Suraiya emotionally blackmails Aaliya, making her leave. But Zain brings her back. Fahad and his father Usman plan to make Zain and Aaliya fall in love. Suraiya dislikes Aaliya and her family because Barkat, her long-lost daughter was kidnapped by Aaliya's estranged uncle, Mir Khan. Zain and Aaliya finally find Barkat. Joyous, Suraiya starts liking Aaliya and her family again, which makes Shazia and Nafisa unhappy.
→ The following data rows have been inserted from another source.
(* There is a constant $A=A(\mathcal I)>0$ such that for all $b_0,b\in\Theta$, $$A^2\max\Big\{K(\pi_{b_0},\pi_b),\ E_{b_0}\Big[\Big(\log\frac{\pi_{b_0}(X_0)}{\pi_b(X_0)}\Big)^2\Big]\Big\}\le\|b_0-b\|_2^2.$$
   Context: Known $\sigma\in C^2_{per}([0,1])$ (1-periodic $C^2$) with $0<\sigma_L\le\sigma\le\sigma_U$; known $K_0$, $\Theta=\{f\in C^1_{per}([0,1]):\|f\|_\infty+\|f'\|_\infty\le K_0\}$; $\mathcal I=\{K_0,\sigma_L,\sigma_U\}$. For $b\in\Theta$, with $I_b(x)=\int_0^x2b(y)/\sigma^2(y)dy$, $\pi_b(x)=\frac{e^{I_b(x)}}{H_b\sigma^2(x)}\big(e^{I_b(1)}\int_x^1e^{-I_b(y)}dy+\int_0^xe^{-I_b(y)}dy\big)$, $x\in[0,1]$, with $H_b$ chosen so that $\int_0^1\pi_b=1$ (the invariant density of $X\bmod1$ for the solution $X$ of $dX_t=b(X_t)dt+\sigma(X_t)dW_t$). Under $E_{b_0}$, $X_0$ has density $\pi_{b_0}$. $K(p,q)=\int\log(p/q)\,p$ is the Kullback–Leibler divergence. *)

From Stdlib Require Import Reals Lra ClassicalEpsilon.
Open Scope R_scope.

(* Total Riemann integral: the value of RiemannInt when f is Riemann
   integrable on [a,b] (independent of the integrability proof), 0 otherwise.
   All integrands used below are continuous, hence integrable. *)
Definition Rint (f : R -> R) (a b : R) : R :=
  epsilon (inhabits 0)
    (fun l => exists pr : Riemann_integrable f a b, RiemannInt pr = l).

(* 1-periodic functions on R (identified with functions on [0,1] with
   periodic boundary behaviour). *)
Definition periodic1 (f : R -> R) : Prop := forall x, f (x + 1) = f x.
Zain and Aaliya finally realize their love for each other. Zain feels jealous whenever he sees Aaliya and Zubair together (they are cousins, actually). On the other hand, Nafisa's brother, Rizwan has fallen for Aayat too. Out of angst, Zain unintentionally hurts Aaliya's feelings, who leaves for her hometown Bhopal and leaves a message asking him to realize his mistake. Zain reaches Bhopal and after escaping a tragedy, Zain-Aaliya finally confesses their love for each other and returns home happily.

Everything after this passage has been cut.